• [GIVEN ENTRIES]
------

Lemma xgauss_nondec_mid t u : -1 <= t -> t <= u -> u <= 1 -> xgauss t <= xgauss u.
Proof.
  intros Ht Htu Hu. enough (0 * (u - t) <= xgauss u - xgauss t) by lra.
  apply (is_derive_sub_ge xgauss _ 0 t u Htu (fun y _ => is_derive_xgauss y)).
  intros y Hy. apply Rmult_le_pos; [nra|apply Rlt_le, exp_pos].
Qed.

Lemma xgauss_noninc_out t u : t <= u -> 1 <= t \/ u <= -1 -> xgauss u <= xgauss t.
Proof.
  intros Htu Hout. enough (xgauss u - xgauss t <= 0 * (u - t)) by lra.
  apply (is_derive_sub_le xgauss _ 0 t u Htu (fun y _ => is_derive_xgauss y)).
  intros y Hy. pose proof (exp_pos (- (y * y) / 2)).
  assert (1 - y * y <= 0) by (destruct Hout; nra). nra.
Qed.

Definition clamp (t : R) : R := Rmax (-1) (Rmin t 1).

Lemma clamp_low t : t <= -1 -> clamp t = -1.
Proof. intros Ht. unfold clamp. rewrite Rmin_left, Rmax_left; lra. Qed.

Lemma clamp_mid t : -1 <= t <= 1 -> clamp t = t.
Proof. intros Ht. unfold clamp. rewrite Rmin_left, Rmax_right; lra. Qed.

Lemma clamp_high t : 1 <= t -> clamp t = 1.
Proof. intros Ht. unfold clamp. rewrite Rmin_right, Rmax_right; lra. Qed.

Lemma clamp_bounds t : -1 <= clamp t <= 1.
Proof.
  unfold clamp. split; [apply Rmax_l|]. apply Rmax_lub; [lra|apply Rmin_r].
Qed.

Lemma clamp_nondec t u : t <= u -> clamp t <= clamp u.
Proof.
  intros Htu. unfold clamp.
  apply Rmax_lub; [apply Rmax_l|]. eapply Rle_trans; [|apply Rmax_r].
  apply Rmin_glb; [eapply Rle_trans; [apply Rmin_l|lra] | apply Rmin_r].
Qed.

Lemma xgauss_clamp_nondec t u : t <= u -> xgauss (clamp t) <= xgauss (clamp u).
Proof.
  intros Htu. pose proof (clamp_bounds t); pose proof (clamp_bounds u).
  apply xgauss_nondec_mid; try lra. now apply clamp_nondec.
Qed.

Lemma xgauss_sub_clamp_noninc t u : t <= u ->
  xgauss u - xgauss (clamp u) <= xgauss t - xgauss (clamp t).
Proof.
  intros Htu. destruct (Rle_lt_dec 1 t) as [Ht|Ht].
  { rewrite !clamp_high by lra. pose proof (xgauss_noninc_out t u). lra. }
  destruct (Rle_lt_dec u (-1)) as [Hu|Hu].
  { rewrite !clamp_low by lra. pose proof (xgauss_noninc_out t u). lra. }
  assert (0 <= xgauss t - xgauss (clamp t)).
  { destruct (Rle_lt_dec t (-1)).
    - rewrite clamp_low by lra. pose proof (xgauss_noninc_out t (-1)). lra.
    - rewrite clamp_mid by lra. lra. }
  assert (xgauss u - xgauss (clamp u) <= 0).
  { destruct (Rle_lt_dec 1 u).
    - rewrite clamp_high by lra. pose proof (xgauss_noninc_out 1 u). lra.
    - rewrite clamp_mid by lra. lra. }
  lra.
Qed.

------

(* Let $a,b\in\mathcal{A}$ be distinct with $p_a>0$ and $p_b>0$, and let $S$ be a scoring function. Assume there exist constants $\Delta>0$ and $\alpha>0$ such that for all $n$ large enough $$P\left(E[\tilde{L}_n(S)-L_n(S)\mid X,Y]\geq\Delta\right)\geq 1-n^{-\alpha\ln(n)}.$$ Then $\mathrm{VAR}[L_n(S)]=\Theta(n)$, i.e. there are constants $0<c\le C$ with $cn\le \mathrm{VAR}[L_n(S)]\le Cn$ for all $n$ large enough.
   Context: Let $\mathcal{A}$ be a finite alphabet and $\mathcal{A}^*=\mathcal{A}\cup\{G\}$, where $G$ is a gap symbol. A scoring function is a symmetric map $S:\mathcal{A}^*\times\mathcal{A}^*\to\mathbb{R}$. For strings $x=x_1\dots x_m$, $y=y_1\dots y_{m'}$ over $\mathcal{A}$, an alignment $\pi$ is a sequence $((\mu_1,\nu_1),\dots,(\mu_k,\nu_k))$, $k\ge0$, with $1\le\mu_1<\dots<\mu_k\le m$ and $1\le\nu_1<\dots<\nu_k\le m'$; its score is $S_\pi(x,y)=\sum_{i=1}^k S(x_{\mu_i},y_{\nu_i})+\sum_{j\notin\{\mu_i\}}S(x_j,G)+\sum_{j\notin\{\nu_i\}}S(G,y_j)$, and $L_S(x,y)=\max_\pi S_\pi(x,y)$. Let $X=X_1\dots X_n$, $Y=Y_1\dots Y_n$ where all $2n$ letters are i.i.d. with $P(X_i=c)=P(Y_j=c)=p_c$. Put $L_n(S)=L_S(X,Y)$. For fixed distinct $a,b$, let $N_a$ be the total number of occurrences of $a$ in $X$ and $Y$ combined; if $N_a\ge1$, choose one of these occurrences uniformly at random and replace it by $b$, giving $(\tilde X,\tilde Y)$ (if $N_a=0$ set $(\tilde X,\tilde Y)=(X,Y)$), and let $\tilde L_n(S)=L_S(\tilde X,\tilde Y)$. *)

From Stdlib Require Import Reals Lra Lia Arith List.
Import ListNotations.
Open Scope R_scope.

------

• [GOAL OF THE EXERCISE] Given the records above, restate word for word only the lines starting at the one with "Lemma xgauss_nondec_mid t" and ending at the one with "apply (is_derive_sub_le xgauss".

• [RESULT OF THIS EXERCISE]
Lemma xgauss_nondec_mid t u : -1 <= t -> t <= u -> u <= 1 -> xgauss t <= xgauss u.
Proof.
  intros Ht Htu Hu. enough (0 * (u - t) <= xgauss u - xgauss t) by lra.
  apply (is_derive_sub_ge xgauss _ 0 t u Htu (fun y _ => is_derive_xgauss y)).
  intros y Hy. apply Rmult_le_pos; [nra|apply Rlt_le, exp_pos].
Qed.

Lemma xgauss_noninc_out t u : t <= u -> 1 <= t \/ u <= -1 -> xgauss u <= xgauss t.
Proof.
  intros Htu Hout. enough (xgauss u - xgauss t <= 0 * (u - t)) by lra.
  apply (is_derive_sub_le xgauss _ 0 t u Htu (fun y _ => is_derive_xgauss y)).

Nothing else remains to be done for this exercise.